While cost cutting would be pursued, Hassan said capital expenditure domestically would not be affected as spending by Petronas had a huge multiplier effect on the Malaysian economy.

“We plan to spend the same level this financial year to sustain production levels,’’ he said, adding that spending had to go on regardless of the price of crude oil to continue developing reserves.

The drop in profits did not, however, affect its payment to the Government. In fact, payment to the Government rose to RM74bil from RM61.6bil as the higher price environment prior to the huge decline in prices had meant higher royalty payments, export duties and taxes. Petronas also raised its dividends to RM30bil in FY09 from RM24bil in FY08.

The decline in profits and payment obligation to the Government had led to Petronas retaining a much smaller percentage of profits compared with other national oil companies and oil majors.

Petronas costs components

As a result, Petronas would tap into its reserves and the company would raise funds by issuing bonds. Petronas last tapped the capital markets in 2002 to raise funds.

The last time Petronas dipped into its coffers to fund its operations was during the 1997/98 period, said Hassan. “We also need to go out and borrow.

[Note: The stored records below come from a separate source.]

Lemma phi_dh_le : at_right 0 (fun r => Rabs (phi p (dh r)) <= B * r).
Proof.
  apply (filter_imp (fun r => 0 < r < a /\ Rabs (w r) <= B * rpow r e * r)).
  - intros r [Hr Hwr]. unfold w, flux in Hwr.
    rewrite Rabs_mult, (Rabs_pos_eq (rpow r e)) in Hwr by apply rpow_ge0.
    pose proof (rpow_gt0 r e ltac:(lra)).
    apply Rmult_le_reg_l with (rpow r e); [assumption|]. lra.
  - apply filter_and; [apply at_right_interval, Ha|exact flux_le].
Qed.

Lemma dh0_eq0 : dh 0 = 0.
Proof.
  destruct (Req_dec (dh 0) 0) as [E|Hne]; [exact E|exfalso].
  assert (Hc : 0 < Rabs (dh 0) / 2) by (pose proof (Rabs_pos_lt _ Hne); lra).
  set (c := Rabs (dh 0) / 2) in Hc.
  assert (Hlow : at_right 0 (fun r => Rabs (phi p c) <= B * r)).
  { apply (filter_imp (fun r => ball (dh 0) c (dh r) /\ Rabs (phi p (dh r)) <= B * r)).
    - intros r [Hr Hphi]. apply Rle_trans with (Rabs (phi p (dh r))); [|exact Hphi].
      apply Rabs_phi_le; [exact Hp|]. change (Rabs (dh r - dh 0) < c) in Hr.
      pose proof (Rabs_triang_inv (dh 0) (dh r)). rewrite <- Rabs_Ropp in Hr.
      replace (- (dh r - dh 0)) with (dh 0 - dh r) in Hr by ring.
      rewrite (Rabs_pos_eq c) by lra. unfold c in *. lra.
    - apply filter_and; [|exact phi_dh_le].
      exact (proj1 (filterlim_locally dh _) Hdh0 (mkposreal c Hc)). }
  assert (Hlim : filterlim (fun r => B * r) (at_right 0) (locally 0)).
  { apply filterlim_locally_Rabs_le with (g := fun r => r - 0) (c := B);
      [|apply filterlim_sub_at_right].
    apply (filter_imp (fun r => 0 < r < 1)); [|apply at_right_interval; lra].
    intros r Hr. rewrite !Rminus_0_r, Rabs_mult, Rabs_pos_eq, (Rabs_pos_eq r) by lra. lra. }
  assert (Hle : Rbar_le (Rabs (phi p c)) 0).
  { apply (filterlim_le (FF := Proper_StrongProper _ (at_right_proper_filter 0))
             (fun _ => Rabs (phi p c)) (fun r => B * r));
      [exact Hlow|apply filterlim_const|exact Hlim]. }
  simpl in Hle.
  pose proof (Rabs_phi_gt0 p c ltac:(lra)). lra.
Qed.
(* Let $D$ be an integral domain, $\mathcal{T}$ a finite multiset of elements of $D$, and $f=\prod_{r\in\mathcal{T}}(x-r)$ (with multiplicities). If $Q$ is a non-zero prime ideal of $D$, then $\mathsf{d}(f)\subseteq Q$ if and only if $\mathcal{T}$ contains a complete system of residues modulo $Q$. Furthermore, suppose $D$ is a Dedekind domain, $Q$ is a non-zero prime ideal of $D$, and $\mathcal{T}=\mathcal{T}_0\uplus\mathcal{T}_1\uplus\cdots\uplus\mathcal{T}_e$ (multiset disjoint union) such that: (1) for all $1\le i\le e$, $\mathcal{T}_i$ is a complete system of residues modulo $Q$, and the respective representatives of the same residue class modulo $Q$ in the different $\mathcal{T}_i$ are congruent to each other modulo $Q^2$; (2) there exists $z\in D$ such that $s\not\equiv z \pmod Q$ for all $s\in\mathcal{T}_0$. Then $\mathsf{v}_Q(\mathsf{d}(f))=e$.
   Context: For a polynomial $g$ with $g(D)\subseteq D$, the fixed divisor $\mathsf{d}(g)$ is the ideal of $D$ generated by $\{g(a)\mid a\in D\}$. For a Dedekind domain $D$ and a maximal ideal $Q$, $\mathsf{v}_Q$ is the $Q$-adic valuation; for a non-zero ideal $I$, $\mathsf{v}_Q(I)=\min\{\mathsf{v}_Q(a)\mid a\in I\}$ (the exponent of $Q$ in the prime factorization of $I$). For multisets $S,T$, $S\uplus T$ is the multiset with multiplicities added. *)

From HB Require Import structures.
From mathcomp Require Import all_boot all_order all_algebra.
From mathcomp Require Import fraction.
Set Implicit Arguments. Unset Strict Implicit. Unset Printing Implicit Defensive.
Import Order.TTheory GRing.Theory Num.Theory.
Local Open Scope ring_scope.

Section Ideals.
Variable D : idomainType.

Definition is_ideal (I : D -> Prop) : Prop :=
  [/\ I 0, (forall x y, I x -> I y -> I (x + y)) & (forall a x, I x -> I (a * x))].

Definition prime_ideal (Q : D -> Prop) : Prop :=
  [/\ is_ideal Q, ~ Q 1 & (forall x y, Q (x * y) -> Q x \/ Q y)].

Definition nonzero_ideal (I : D -> Prop) : Prop := exists x, I x /\ x != 0.

Definition ideal_gen (S : D -> Prop) : D -> Prop :=
  fun x => exists s : seq (D * D),
    (forall p, p \in s -> S p.2) /\ x = \sum_(p <- s) p.1 * p.2.

Fixpoint ideal_pow (Q : D -> Prop) (n : nat) : D -> Prop :=
  match n with
  | 0 => fun _ => True
  | n'.+1 => ideal_gen (fun x => exists a b, ideal_pow Q n' a /\ Q b /\ x = a * b)
  end.

Definition fixed_divisor (g : {poly D}) : D -> Prop :=
  ideal_gen (fun y => exists a : D, y = g.[a]).

Definition elt_val (Q : D -> Prop) (a : D) (n : nat) : Prop :=
  ideal_pow Q n a /\ ~ ideal_pow Q n.+1 a.

Definition ideal_val (Q : D -> Prop) (I : D -> Prop) (n : nat) : Prop :=
  (exists a, [/\ I a, a != 0 & elt_val Q a n]) /\
  (forall a m, I a -> a != 0 -> elt_val Q a m -> (n <= m)%N).

(* S (a multiset, as a seq) is a complete system of residues modulo Q:
   every x in D is congruent mod Q to exactly one entry of S (counted with
   multiplicity) *)
Definition complete_residues (Q : D -> Prop) (S : seq D) : Prop :=
  forall x : D, exists i : 'I_(size S),
    Q (x - nth 0 S i) /\ forall j : 'I_(size S), Q (x - nth 0 S j) -> j = i.

Definition submultiset (S T : seq D) : Prop := exists R, perm_eq T (S ++ R).

Definition noetherian : Prop :=
  forall I, is_ideal I -> exists s : seq D,
    forall x, I x <-> ideal_gen (fun y => y \in s) x.

Definition dim_le1 : Prop :=
  forall P, prime_ideal P -> nonzero_ideal P ->
  forall J, is_ideal J -> (forall x, P x -> J x) ->
    (forall x, J x -> P x) \/ J 1.

Definition integrally_closed : Prop :=
  forall x : {fraction D},
    (exists p : {poly D}, p \is monic /\ (map_poly (@tofrac D) p).[x] = 0) ->
    exists d : D, x = tofrac d.

Definition dedekind : Prop := [/\ noetherian, dim_le1 & integrally_closed].

End Ideals.

From HB Require Import structures.
From mathcomp Require Import all_boot all_order all_algebra.
From mathcomp Require Import fraction ring.
From Stdlib Require Import Classical IndefiniteDescription.
Import Order.TTheory GRing.Theory Num.Theory.

Set Implicit Arguments.
Unset Strict Implicit.
Unset Printing Implicit Defensive.
Local Open Scope ring_scope.

(* Evaluating f = \prod_(r <- T) (X - r) at a gives \prod_(r <- T) (a - r).  As Q is prime,
   f(a) lies in Q iff a is congruent to some r in T, so d(f) is contained in Q iff T meets every
   residue class modulo Q; one element of T per class then is a complete system of residues.
   Each complete system T_i contributes a factor in Q to every f(a), so d(f) is contained in Q^e.
   For the reverse bound, the localization of the Dedekind domain D at Q is a discrete valuation
   ring (a maximal colon ideal equals Q, and the determinant trick uses integral closedness), so
   there is a uniformizer pi and v_Q is additive.  Choose w congruent to z modulo Q and, using
   (1), congruent modulo Q^2 to every element of the T_i that is congruent to it modulo Q, and
   put a := w + pi.  No factor a - s with s in T_0 lies in Q, and each T_i has exactly one factor
   in Q, of valuation exactly 1; hence v_Q(f(a)) = e. *)

Section Ideals.
Variable D : idomainType.
Implicit Types (I Q S : D -> Prop) (a b x y z : D).

Lemma ideal0 I : is_ideal I -> I 0. Proof. by case. Qed.

Lemma idealD I x y : is_ideal I -> I x -> I y -> I (x + y).
Proof. by case=> _ + _; apply. Qed.

Lemma idealMl I a x : is_ideal I -> I x -> I (a * x).
Proof. by case=> _ _; apply. Qed.

Lemma idealMr I x a : is_ideal I -> I x -> I (x * a).
Proof. by move=> idI Ix; rewrite mulrC; apply: idealMl. Qed.

Lemma idealN I x : is_ideal I -> I x -> I (- x).
Proof. by move=> idI Ix; rewrite -mulN1r; apply: idealMl. Qed.

Lemma idealB I x y : is_ideal I -> I x -> I y -> I (x - y).
Proof. by move=> idI Ix Iy; apply: idealD => //; apply: idealN. Qed.

Lemma idealBC I x y : is_ideal I -> I (x - y) -> I (y - x).
Proof. by move=> idI Ixy; rewrite -opprB; apply: idealN. Qed.

Lemma idealB_trans I x y z : is_ideal I -> I (x - y) -> I (y - z) -> I (x - z).
Proof. by move=> idI Ixy Iyz; have := idealD idI Ixy Iyz; rewrite addrA subrK. Qed.

Lemma mem_ideal_gen S x : S x -> ideal_gen S x.
Proof.
move=> Sx; exists [:: (1, x)]; rewrite big_seq1 mul1r; split=> // p.
by rewrite inE => /eqP ->.
Qed.

Lemma ideal_gen_is_ideal S : is_ideal (ideal_gen S).
Proof.
split; first by exists [::]; rewrite big_nil.
- move=> _ _ [s [Ss ->]] [s' [Ss' ->]]; exists (s ++ s'); rewrite big_cat.
  by split=> // p; rewrite mem_cat => /orP[/Ss | /Ss'].
- move=> a _ [s [Ss ->]]; exists [seq (a * p.1, p.2) | p <- s]; split.
    by move=> q /mapP[p sp ->] /=; apply: Ss.
  by rewrite mulr_sumr big_map; apply: eq_bigr => p _; rewrite mulrA.
Qed.

Lemma ideal_gen_min S I : is_ideal I -> (forall x, S x -> I x) ->
  forall x, ideal_gen S x -> I x.
Proof.
move=> idI SI _ [s [Ss ->]]; rewrite big_seq; apply: (big_ind I) => //.
- exact: ideal0.
- by move=> x y; apply: idealD.
- by move=> p sp; apply: idealMl => //; apply/SI/Ss.
Qed.

Lemma ideal_gen_seq_lincomb (s : seq D) x : ideal_gen (fun y => y \in s) x ->
  exists c : 'I_(size s) -> D, x = \sum_j c j * s`_j.
Proof.
move=> [l [ls ->]]; elim: l ls => [|p l IHl] ls.
  by exists (fun _ => 0); rewrite big_nil big1 // => j _; rewrite mul0r.
have sp : p.2 \in s by apply: ls; rewrite mem_head.
rewrite big_cons; have [|c ->] := IHl; first by move=> q lq; apply: ls; rewrite inE lq orbT.
have ltks : (index p.2 s < size s)%N by rewrite index_mem.
pose k := Ordinal ltks; exists (fun j => c j + (if j == k then p.1 else 0)).
under [RHS]eq_bigr do rewrite mulrDl.
rewrite big_split /= addrC; congr (_ + _).
rewrite (bigD1 k) //= eqxx nth_index // big1 ?addr0 // => j /negbTE ->.
by rewrite mul0r.
Qed.

Lemma fixed_divisor_subP I (g : {poly D}) : is_ideal I ->
  (forall x, fixed_divisor g x -> I x) <-> (forall a, I g.[a]).
Proof.
move=> idI; split=> [sub a | Ig]; first by apply/sub/mem_ideal_gen; exists a.
by apply: ideal_gen_min => // _ [a ->].
Qed.

Lemma ideal_pow_is_ideal Q n : is_ideal (ideal_pow Q n).
Proof. by case: n => [|n]; [split | exact: ideal_gen_is_ideal]. Qed.

Lemma ideal_powS_mul Q n a b : ideal_pow Q n a -> Q b -> ideal_pow Q n.+1 (a * b).
Proof. by move=> Qa Qb; apply: mem_ideal_gen; exists a, b. Qed.

Lemma ideal_pow1 Q x : is_ideal Q -> ideal_pow Q 1 x <-> Q x.
Proof.
move=> idQ; split; last by move=> Qx; rewrite -[x]mul1r; apply: ideal_powS_mul.
by apply: ideal_gen_min => // _ [a [b [_ [Qb ->]]]]; apply: idealMl.
Qed.

Lemma ideal_pow_le Q m n x : (m <= n)%N -> ideal_pow Q n x -> ideal_pow Q m x.
Proof.
have powS k y : ideal_pow Q k.+1 y -> ideal_pow Q k y.
  elim: k y => [//|k IHk] y; apply: ideal_gen_min; first exact: ideal_pow_is_ideal.
  by move=> _ [a [b [Qa [Qb ->]]]]; apply: ideal_powS_mul => //; apply: IHk.
move=> /subnKC <-; elim: (n - m)%N => [|k IHk]; first by rewrite addn0.
by rewrite addnS => /powS /IHk.
Qed.

Lemma ideal_pow_expr Q n x : Q x -> ideal_pow Q n (x ^+ n).
Proof. by move=> Qx; elim: n => [//|n IHn]; rewrite exprSr; apply: ideal_powS_mul. Qed.

Lemma ideal_pow_prod Q (T : eqType) (r : seq T) (F : T -> D) :
  (forall i, i \in r -> Q (F i)) -> ideal_pow Q (size r) (\prod_(i <- r) F i).
Proof.
elim: r => [//|i r IHr] QF; rewrite big_cons mulrC.
by apply: ideal_powS_mul; [apply: IHr => j rj |]; apply: QF; rewrite inE ?rj ?eqxx ?orbT.
Qed.

Lemma ideal_prod Q (T : eqType) (r : seq T) (F : T -> D) i :
  is_ideal Q -> i \in r -> Q (F i) -> Q (\prod_(j <- r) F j).
Proof. by move=> idQ ri QFi; rewrite (big_rem i) //=; apply: idealMr. Qed.

Lemma prime_ideal_ideal Q : prime_ideal Q -> is_ideal Q. Proof. by case. Qed.

Lemma prime_ideal_proper Q : prime_ideal Q -> ~ Q 1. Proof. by case. Qed.

Lemma prime_notinM Q x y : prime_ideal Q -> ~ Q x -> ~ Q y -> ~ Q (x * y).
Proof. by case=> _ _ Qprime nQx nQy /Qprime[]. Qed.

Lemma prime_ideal_prod Q (T : eqType) (r : seq T) (F : T -> D) :
  prime_ideal Q -> Q (\prod_(i <- r) F i) -> exists2 i, i \in r & Q (F i).
Proof.
case=> _ nQ1 Qprime; elim: r => [|i r IHr]; first by rewrite big_nil => /nQ1.
rewrite big_cons => /Qprime[QFi | /IHr[j rj QFj]]; first by exists i; rewrite ?mem_head.
by exists j; rewrite // inE rj orbT.
Qed.

Lemma prime_notin_prod Q (T : Type) (r : seq T) (P : pred T) (F : T -> D) :
  prime_ideal Q -> (forall i, P i -> ~ Q (F i)) -> ~ Q (\prod_(i <- r | P i) F i).
Proof.
move=> Qprime nQF; apply: (big_ind (fun x => ~ Q x)) => //.
- exact: prime_ideal_proper.
- by move=> x y; apply: prime_notinM.
Qed.

Lemma elt_val0 Q x : is_ideal Q -> ~ Q x -> elt_val Q x 0.
Proof. by move=> idQ nQx; split=> // /(ideal_pow1 _ idQ). Qed.

Lemma elt_val_neq0 Q x n : elt_val Q x n -> x != 0.
Proof.
case=> _; apply: contra_notN => /eqP ->; apply: ideal0; exact: ideal_pow_is_ideal.
Qed.

Lemma ideal_val_by_witness Q I n a : (forall x, I x -> ideal_pow Q n x) ->
  I a -> elt_val Q a n -> ideal_val Q I n.
Proof.
move=> Ipow Ia val_a; split; first by exists a; split=> //; apply: elt_val_neq0 val_a.
move=> x m Ix _ [_ npow]; rewrite leqNgt; apply/negP => lt_mn.
by apply/npow/(ideal_pow_le lt_mn)/Ipow.
Qed.

Lemma horner_prod_XsubC (T : seq D) a :
  (\prod_(r <- T) ('X - r%:P)).[a] = \prod_(r <- T) (a - r).
Proof. by rewrite horner_prod; apply: eq_bigr => r _; rewrite hornerXsubC. Qed.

We will look to raise funds as the cost of funds are low,’’ he said.

Another element that has not worked in Malaysia’s favour as a result of the production cuts by the Organisation of Petroleum Exporting Countries (Opec) has been the price of Tapis, the blend of Malaysia’s light crude oil.

The average price of Malaysian crude oil last year was US$88 a barrel and in May, the price was US$51.08.

At the peak of the oil rally last year, the price of Tapis made crude oil from Malaysia the world’s most expensive oil. But now, it is cheaper than a number of heavier crude oil blends.

Hassan said this anomaly was due to Opec cutting the supply of heavier crude instead of lighter crude. As refineries have sophisticated facilities that require heavy oils be put into the system, that has worked to keep the price of the heavier crude price up.

Hassan said newer finds of new hydrocarbon resource in Malaysia had been in deeper and more remote areas.

Petronas payment to government

He said the latest high pressure/high temperature find proved there were hydrocarbon reserves in the South China Sea and the sizeable find made it viable for the oil service providers to start exploration work there.

“This is important for us as our acreages mature,’’ he said.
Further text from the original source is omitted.